# What to produce
The expected answer is the set of lines in the data below between the line holding "16), (3, 9, -8)))]." and the line holding "size sv = size", inclusive, written out exactly.

(Items from a dataset)

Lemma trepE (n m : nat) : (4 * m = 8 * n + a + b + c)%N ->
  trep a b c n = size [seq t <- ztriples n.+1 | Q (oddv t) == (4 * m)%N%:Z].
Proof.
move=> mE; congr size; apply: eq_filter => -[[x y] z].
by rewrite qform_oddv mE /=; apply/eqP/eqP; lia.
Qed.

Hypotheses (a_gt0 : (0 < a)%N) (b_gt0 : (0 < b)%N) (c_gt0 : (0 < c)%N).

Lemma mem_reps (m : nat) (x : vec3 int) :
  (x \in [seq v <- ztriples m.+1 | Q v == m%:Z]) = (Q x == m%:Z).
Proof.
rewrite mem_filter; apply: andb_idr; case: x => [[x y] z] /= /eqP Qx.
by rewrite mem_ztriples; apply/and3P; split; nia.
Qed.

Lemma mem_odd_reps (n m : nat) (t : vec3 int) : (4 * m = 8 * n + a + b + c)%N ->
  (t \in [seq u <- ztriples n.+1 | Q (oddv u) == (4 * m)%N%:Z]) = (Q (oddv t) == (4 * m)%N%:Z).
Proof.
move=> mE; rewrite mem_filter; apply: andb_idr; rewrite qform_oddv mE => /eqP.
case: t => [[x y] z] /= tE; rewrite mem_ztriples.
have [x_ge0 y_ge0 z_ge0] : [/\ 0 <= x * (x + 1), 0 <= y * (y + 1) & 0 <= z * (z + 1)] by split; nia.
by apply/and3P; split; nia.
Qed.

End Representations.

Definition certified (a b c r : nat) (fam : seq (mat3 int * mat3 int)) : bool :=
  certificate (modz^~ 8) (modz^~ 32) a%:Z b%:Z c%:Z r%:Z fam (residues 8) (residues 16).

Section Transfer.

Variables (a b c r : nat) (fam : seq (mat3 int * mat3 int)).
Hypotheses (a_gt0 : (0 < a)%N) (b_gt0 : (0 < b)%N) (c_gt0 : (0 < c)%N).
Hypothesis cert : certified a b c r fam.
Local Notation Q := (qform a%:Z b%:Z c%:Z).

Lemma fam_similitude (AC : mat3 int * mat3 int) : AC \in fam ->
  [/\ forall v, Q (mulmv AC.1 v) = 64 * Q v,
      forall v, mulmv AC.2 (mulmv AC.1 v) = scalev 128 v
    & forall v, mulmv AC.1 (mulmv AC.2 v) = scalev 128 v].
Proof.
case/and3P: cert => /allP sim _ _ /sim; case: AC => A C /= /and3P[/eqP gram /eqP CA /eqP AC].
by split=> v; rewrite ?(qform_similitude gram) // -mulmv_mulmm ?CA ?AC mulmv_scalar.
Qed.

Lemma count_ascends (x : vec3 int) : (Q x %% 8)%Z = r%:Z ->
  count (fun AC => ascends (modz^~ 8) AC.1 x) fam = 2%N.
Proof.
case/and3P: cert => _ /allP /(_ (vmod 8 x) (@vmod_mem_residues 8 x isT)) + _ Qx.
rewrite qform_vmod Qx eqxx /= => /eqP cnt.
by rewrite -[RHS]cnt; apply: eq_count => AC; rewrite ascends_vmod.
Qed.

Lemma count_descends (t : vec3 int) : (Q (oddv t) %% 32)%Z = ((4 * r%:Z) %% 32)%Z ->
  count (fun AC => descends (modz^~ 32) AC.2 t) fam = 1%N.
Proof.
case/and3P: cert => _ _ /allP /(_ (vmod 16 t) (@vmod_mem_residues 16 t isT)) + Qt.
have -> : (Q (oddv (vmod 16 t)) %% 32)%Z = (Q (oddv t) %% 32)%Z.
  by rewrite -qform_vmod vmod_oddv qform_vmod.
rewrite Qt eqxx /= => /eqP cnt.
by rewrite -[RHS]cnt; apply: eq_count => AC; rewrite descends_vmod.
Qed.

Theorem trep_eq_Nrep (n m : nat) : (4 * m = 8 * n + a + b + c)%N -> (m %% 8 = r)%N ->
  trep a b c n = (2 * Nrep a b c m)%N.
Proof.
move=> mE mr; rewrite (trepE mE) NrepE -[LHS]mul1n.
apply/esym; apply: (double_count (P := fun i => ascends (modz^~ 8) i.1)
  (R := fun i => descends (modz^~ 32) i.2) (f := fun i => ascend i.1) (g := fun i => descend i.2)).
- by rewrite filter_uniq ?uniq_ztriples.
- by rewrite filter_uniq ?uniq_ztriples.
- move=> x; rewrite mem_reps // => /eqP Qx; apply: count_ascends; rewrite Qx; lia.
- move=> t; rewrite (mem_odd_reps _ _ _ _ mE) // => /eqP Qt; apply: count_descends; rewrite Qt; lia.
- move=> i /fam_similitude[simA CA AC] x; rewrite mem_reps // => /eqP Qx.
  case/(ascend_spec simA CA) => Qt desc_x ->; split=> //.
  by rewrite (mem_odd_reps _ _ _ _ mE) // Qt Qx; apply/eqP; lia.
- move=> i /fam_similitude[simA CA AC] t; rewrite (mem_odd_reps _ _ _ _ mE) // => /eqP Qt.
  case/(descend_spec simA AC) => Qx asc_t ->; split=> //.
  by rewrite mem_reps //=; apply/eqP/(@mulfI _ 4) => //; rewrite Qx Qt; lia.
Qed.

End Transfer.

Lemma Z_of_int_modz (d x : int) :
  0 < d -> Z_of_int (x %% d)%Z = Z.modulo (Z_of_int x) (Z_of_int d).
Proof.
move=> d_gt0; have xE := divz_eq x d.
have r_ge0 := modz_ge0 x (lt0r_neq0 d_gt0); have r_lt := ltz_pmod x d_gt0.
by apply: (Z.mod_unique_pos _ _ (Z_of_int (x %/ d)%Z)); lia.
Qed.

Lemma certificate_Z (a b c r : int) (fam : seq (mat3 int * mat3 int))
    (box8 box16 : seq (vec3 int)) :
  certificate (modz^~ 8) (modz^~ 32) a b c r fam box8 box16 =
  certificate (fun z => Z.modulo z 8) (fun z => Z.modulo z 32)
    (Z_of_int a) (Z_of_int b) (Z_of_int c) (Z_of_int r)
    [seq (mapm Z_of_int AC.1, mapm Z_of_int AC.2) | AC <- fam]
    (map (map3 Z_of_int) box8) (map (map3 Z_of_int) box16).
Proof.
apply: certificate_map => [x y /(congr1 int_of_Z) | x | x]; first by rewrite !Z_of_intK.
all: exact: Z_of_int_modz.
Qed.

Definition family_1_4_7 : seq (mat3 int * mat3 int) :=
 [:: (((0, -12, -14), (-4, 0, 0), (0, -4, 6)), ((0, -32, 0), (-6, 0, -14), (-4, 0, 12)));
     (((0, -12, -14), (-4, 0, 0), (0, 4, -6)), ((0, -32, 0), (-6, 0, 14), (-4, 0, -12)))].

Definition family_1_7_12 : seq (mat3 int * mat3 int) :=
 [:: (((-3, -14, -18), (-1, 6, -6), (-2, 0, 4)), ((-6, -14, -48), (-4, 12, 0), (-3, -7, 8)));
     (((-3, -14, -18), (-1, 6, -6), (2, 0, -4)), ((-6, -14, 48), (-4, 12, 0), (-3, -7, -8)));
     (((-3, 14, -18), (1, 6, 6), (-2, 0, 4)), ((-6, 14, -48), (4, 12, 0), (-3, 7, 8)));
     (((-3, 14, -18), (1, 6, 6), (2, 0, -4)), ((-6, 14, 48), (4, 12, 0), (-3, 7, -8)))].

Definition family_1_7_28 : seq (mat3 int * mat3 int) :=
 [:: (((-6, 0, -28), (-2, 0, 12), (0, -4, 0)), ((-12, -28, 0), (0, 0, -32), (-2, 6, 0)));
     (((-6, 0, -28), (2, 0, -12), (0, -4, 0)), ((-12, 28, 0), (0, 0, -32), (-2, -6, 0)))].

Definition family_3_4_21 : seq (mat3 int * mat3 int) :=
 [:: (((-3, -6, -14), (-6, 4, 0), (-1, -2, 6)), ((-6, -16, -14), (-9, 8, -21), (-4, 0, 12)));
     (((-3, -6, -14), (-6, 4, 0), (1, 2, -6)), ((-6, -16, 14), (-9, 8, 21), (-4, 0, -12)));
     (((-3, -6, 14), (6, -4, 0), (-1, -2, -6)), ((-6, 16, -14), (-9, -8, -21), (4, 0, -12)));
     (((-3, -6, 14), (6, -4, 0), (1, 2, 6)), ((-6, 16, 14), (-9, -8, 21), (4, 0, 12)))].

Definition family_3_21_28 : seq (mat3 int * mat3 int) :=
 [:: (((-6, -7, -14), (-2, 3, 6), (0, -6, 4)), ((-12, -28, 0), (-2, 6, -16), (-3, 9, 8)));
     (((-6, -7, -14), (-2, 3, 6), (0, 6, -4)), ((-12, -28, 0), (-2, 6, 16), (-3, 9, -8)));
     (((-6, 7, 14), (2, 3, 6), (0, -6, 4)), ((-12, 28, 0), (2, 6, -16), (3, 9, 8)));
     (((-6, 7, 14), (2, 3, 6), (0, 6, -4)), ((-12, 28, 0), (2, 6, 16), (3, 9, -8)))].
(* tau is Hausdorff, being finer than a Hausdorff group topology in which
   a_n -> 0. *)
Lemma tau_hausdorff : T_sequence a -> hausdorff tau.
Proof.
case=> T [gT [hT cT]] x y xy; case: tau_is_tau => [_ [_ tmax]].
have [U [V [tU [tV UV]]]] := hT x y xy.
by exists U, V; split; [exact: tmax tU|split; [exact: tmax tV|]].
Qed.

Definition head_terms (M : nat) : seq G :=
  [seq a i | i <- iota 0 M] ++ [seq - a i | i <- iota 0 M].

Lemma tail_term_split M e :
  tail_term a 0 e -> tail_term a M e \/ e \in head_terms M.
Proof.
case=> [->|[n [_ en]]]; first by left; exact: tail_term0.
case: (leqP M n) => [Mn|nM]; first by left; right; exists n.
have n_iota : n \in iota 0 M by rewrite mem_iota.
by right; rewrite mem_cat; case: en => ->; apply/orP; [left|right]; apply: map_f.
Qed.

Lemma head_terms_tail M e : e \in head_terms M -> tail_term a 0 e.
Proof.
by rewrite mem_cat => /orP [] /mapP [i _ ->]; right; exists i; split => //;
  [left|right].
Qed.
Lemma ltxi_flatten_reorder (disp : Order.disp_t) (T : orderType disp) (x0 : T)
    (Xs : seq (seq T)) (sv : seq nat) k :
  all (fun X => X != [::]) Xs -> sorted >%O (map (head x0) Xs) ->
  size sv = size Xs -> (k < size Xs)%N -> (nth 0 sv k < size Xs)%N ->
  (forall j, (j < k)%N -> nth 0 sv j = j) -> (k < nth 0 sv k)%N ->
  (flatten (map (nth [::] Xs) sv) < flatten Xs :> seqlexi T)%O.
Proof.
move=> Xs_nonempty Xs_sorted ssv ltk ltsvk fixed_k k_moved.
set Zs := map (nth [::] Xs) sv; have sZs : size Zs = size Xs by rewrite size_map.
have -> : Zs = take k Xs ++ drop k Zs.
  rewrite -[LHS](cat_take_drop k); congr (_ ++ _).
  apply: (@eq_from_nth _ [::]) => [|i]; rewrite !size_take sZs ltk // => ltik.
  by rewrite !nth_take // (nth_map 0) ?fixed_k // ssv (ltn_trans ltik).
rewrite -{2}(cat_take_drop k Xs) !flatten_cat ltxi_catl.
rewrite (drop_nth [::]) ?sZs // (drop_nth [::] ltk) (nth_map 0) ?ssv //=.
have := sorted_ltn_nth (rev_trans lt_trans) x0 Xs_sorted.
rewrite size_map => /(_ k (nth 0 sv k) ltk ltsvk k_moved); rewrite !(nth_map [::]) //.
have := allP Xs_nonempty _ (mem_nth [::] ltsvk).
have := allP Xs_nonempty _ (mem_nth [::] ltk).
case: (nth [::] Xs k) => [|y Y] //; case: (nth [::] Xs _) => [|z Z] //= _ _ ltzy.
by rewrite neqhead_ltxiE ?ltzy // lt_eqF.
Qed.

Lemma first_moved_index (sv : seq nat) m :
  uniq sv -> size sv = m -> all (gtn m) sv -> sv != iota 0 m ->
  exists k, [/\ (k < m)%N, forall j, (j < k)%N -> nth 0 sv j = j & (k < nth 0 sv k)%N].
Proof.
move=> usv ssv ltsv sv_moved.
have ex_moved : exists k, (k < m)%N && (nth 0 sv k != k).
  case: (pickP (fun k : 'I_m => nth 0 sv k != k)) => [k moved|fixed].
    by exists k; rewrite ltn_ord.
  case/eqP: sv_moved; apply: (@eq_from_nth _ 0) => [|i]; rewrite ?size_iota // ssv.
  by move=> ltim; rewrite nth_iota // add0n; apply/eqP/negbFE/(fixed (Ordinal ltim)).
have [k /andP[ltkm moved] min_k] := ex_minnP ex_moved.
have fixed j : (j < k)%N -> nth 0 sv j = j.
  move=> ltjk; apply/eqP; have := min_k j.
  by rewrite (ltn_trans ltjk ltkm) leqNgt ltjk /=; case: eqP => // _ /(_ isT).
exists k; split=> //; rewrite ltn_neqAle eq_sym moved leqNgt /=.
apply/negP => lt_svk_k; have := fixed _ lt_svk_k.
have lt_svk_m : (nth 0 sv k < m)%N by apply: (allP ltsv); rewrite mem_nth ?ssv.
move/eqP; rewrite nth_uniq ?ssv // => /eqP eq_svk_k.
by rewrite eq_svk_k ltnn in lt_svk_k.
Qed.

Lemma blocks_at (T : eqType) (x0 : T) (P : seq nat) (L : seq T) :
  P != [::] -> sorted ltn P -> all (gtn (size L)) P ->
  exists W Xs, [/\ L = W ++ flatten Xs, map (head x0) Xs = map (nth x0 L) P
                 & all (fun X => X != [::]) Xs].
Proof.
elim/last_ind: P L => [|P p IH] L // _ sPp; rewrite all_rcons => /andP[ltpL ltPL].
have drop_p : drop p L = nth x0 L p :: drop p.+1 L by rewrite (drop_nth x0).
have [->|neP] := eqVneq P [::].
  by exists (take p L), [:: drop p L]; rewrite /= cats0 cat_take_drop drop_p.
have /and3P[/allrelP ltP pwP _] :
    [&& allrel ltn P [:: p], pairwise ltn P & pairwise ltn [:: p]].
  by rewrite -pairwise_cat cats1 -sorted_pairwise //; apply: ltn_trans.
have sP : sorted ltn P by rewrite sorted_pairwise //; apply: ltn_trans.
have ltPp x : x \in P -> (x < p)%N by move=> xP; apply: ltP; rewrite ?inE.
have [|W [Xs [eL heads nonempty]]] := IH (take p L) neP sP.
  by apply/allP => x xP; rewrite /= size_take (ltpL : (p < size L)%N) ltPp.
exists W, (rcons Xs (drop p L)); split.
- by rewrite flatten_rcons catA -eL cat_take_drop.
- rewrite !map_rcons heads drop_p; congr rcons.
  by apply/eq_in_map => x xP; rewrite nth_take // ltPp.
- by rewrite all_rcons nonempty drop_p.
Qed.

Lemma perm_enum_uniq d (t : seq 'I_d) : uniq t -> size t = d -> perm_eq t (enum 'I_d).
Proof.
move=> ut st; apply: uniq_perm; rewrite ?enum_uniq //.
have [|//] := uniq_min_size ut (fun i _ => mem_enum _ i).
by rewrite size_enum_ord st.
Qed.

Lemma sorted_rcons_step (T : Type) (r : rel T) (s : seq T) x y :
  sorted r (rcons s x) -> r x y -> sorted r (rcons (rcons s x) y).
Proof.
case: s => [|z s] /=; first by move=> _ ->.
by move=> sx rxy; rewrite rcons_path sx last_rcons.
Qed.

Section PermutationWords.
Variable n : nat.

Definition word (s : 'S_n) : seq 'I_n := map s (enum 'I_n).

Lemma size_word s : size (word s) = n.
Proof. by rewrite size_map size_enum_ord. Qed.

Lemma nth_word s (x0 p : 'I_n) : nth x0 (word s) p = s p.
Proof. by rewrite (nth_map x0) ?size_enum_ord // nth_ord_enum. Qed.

# Response
     (((-6, 7, 14), (2, 3, 6), (0, 6, -4)), ((-12, 28, 0), (2, 6, 16), (3, 9, -8)))].
(* tau is Hausdorff, being finer than a Hausdorff group topology in which
   a_n -> 0. *)
Lemma tau_hausdorff : T_sequence a -> hausdorff tau.
Proof.
case=> T [gT [hT cT]] x y xy; case: tau_is_tau => [_ [_ tmax]].
have [U [V [tU [tV UV]]]] := hT x y xy.
by exists U, V; split; [exact: tmax tU|split; [exact: tmax tV|]].
Qed.

Definition head_terms (M : nat) : seq G :=
  [seq a i | i <- iota 0 M] ++ [seq - a i | i <- iota 0 M].

Lemma tail_term_split M e :
  tail_term a 0 e -> tail_term a M e \/ e \in head_terms M.
Proof.
case=> [->|[n [_ en]]]; first by left; exact: tail_term0.
case: (leqP M n) => [Mn|nM]; first by left; right; exists n.
have n_iota : n \in iota 0 M by rewrite mem_iota.
by right; rewrite mem_cat; case: en => ->; apply/orP; [left|right]; apply: map_f.
Qed.

Lemma head_terms_tail M e : e \in head_terms M -> tail_term a 0 e.
Proof.
by rewrite mem_cat => /orP [] /mapP [i _ ->]; right; exists i; split => //;
  [left|right].
Qed.
Lemma ltxi_flatten_reorder (disp : Order.disp_t) (T : orderType disp) (x0 : T)
    (Xs : seq (seq T)) (sv : seq nat) k :
  all (fun X => X != [::]) Xs -> sorted >%O (map (head x0) Xs) ->
  size sv = size Xs -> (k < size Xs)%N -> (nth 0 sv k < size Xs)%N ->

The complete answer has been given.